### Given records

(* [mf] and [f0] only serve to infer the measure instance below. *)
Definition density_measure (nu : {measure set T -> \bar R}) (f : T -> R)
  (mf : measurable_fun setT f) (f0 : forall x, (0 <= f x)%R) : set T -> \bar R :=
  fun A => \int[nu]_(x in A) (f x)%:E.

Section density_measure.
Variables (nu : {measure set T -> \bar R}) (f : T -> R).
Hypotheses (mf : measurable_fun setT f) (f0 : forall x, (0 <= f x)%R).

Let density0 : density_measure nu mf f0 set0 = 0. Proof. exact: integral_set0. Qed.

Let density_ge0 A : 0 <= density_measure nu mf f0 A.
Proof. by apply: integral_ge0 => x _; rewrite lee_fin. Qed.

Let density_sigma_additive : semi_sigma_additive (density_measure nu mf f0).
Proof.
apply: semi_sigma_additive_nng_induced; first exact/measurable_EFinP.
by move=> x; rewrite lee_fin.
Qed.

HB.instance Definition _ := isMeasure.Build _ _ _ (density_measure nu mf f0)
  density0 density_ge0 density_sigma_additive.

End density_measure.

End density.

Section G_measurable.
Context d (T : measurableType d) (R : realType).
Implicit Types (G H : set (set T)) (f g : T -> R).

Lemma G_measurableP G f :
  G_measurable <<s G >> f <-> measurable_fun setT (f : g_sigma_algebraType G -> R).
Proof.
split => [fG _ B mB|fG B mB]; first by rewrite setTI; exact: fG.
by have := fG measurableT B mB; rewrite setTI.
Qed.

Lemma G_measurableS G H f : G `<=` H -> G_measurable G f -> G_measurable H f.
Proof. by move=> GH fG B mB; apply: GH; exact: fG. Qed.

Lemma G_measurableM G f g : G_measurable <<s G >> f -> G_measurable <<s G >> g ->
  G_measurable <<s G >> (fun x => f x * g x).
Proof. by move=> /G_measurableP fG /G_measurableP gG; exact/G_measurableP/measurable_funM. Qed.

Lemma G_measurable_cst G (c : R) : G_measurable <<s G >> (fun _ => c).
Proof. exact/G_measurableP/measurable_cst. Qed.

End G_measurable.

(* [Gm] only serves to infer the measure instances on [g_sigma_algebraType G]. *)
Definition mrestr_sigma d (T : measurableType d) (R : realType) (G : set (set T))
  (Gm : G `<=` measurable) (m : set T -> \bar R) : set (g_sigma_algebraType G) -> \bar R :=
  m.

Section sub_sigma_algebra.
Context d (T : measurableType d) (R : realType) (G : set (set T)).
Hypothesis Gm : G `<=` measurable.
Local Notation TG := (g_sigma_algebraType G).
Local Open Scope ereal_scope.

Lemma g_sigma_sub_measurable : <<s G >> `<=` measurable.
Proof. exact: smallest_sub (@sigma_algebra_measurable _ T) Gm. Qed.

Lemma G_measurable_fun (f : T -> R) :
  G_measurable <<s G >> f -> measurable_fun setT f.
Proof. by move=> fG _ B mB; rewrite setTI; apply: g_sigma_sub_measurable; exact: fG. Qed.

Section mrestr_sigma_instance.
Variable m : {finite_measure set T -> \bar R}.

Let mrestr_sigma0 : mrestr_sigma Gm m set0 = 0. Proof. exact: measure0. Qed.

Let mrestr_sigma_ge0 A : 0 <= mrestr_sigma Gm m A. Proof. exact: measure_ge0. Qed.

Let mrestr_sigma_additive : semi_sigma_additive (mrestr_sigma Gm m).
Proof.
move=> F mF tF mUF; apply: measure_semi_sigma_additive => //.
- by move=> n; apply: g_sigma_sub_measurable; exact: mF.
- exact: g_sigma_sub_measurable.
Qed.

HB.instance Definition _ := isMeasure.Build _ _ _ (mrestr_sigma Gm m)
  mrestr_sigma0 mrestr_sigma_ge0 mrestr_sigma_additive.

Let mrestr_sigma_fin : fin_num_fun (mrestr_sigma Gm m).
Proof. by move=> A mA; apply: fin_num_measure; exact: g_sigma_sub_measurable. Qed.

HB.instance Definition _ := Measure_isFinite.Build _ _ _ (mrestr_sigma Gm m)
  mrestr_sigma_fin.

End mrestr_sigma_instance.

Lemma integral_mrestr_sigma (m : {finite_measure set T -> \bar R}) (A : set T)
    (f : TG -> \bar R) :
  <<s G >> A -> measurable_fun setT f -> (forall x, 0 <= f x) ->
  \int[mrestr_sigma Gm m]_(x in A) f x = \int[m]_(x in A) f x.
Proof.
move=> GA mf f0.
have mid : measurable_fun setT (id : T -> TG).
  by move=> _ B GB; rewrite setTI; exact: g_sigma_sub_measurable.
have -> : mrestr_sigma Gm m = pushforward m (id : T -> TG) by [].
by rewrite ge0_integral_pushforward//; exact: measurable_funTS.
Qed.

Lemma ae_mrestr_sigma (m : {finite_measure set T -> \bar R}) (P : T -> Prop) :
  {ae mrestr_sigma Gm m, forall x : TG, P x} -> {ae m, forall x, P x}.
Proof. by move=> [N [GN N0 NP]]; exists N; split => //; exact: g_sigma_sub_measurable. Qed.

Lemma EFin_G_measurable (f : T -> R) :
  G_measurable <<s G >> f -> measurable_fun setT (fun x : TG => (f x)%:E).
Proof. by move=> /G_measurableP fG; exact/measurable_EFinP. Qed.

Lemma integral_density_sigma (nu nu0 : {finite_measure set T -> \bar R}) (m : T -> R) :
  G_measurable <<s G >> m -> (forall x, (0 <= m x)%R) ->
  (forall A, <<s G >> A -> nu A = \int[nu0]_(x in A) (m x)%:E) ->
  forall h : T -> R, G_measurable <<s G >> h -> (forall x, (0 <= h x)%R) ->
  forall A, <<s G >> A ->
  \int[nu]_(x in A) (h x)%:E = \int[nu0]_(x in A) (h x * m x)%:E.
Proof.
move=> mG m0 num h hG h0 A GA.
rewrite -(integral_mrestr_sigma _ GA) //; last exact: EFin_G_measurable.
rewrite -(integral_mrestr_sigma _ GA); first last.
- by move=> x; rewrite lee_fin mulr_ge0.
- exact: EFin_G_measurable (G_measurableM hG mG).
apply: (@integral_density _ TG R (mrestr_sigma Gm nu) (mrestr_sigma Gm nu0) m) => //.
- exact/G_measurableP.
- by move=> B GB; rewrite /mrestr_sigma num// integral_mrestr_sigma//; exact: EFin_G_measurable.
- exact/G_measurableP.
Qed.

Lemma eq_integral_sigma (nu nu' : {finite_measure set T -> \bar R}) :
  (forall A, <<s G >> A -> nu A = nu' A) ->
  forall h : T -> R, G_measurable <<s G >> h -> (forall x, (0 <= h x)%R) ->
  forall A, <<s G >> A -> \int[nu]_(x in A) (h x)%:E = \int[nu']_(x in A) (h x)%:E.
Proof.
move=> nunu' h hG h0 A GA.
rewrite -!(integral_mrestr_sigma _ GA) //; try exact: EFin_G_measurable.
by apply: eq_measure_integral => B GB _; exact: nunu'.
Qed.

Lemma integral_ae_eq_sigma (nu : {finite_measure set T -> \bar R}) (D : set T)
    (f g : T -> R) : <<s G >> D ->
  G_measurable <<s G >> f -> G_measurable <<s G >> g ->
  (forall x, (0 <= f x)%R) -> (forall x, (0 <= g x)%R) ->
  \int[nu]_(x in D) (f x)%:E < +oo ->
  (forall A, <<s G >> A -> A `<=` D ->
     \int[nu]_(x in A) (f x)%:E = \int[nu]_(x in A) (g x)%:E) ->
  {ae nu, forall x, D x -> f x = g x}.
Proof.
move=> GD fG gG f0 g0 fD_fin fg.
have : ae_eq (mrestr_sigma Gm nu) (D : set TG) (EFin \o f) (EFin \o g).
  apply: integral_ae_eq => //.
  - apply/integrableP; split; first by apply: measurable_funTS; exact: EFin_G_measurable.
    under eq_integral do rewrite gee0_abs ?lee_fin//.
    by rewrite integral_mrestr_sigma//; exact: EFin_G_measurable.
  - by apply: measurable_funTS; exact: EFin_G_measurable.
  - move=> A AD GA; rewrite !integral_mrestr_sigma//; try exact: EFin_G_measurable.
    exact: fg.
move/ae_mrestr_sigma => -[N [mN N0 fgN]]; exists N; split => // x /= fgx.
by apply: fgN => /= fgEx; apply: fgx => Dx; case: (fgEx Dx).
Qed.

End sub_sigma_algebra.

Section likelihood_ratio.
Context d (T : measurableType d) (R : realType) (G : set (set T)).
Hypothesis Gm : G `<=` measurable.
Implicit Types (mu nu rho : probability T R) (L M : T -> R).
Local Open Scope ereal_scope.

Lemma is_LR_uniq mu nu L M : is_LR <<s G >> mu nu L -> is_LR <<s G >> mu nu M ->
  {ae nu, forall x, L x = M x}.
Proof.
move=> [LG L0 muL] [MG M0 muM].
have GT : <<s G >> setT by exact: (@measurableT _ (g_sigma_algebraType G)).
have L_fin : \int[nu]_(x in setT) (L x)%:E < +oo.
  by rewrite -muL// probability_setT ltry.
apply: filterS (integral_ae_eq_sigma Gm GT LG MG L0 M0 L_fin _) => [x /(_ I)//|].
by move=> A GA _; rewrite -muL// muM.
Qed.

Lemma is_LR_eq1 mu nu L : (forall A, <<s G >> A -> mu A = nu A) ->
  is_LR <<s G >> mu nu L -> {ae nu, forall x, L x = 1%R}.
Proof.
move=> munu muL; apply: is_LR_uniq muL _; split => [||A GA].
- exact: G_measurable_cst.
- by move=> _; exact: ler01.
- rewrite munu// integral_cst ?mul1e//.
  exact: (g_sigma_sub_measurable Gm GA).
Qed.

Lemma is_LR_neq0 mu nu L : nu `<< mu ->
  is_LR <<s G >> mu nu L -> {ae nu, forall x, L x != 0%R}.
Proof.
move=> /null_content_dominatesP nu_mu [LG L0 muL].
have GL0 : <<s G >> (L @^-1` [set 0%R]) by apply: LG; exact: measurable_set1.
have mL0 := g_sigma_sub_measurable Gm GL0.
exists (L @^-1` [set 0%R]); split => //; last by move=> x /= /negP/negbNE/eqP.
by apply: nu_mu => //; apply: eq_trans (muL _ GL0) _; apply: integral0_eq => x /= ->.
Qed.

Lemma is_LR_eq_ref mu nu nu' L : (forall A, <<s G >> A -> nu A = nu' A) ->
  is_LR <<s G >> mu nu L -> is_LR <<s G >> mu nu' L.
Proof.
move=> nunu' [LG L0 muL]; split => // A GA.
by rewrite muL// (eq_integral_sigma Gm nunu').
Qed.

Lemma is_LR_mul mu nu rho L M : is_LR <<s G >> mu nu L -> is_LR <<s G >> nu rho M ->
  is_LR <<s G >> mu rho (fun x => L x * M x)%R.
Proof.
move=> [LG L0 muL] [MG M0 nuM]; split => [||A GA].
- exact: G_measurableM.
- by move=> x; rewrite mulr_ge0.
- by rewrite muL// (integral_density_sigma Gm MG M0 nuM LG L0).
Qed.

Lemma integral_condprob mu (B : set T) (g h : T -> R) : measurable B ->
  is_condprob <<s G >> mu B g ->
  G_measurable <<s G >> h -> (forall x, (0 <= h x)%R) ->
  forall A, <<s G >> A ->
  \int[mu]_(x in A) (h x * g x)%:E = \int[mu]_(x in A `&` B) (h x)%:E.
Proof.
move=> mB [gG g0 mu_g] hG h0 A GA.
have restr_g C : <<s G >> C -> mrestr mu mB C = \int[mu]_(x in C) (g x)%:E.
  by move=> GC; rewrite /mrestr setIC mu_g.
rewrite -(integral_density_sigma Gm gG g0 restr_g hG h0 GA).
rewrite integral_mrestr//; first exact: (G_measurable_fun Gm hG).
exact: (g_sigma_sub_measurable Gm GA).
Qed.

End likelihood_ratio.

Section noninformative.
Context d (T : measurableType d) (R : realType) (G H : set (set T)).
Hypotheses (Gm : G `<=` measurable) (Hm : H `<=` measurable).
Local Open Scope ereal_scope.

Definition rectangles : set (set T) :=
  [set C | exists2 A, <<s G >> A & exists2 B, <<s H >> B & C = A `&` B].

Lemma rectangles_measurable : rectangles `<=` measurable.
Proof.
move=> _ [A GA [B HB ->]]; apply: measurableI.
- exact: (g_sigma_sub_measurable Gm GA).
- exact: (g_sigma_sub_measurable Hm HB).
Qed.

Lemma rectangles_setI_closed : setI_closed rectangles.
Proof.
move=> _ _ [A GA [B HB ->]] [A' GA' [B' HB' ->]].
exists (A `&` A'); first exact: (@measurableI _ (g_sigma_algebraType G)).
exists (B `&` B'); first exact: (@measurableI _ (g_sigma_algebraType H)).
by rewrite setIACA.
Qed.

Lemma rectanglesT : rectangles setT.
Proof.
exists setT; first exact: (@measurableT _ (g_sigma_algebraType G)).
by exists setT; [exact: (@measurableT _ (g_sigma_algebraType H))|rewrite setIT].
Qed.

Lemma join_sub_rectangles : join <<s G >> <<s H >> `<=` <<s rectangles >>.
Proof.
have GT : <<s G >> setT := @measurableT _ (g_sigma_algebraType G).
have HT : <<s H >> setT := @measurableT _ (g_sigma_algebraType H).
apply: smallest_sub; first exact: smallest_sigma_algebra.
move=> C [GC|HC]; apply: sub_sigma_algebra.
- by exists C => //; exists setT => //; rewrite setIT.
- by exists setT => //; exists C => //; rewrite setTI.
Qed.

######

=== Your objective ===
The word "setIT" is the filter: copy every line of the listing above that contains it.

=== Response to this task ===
by exists setT; [exact: (@measurableT _ (g_sigma_algebraType H))|rewrite setIT].
- by exists C => //; exists setT => //; rewrite setIT.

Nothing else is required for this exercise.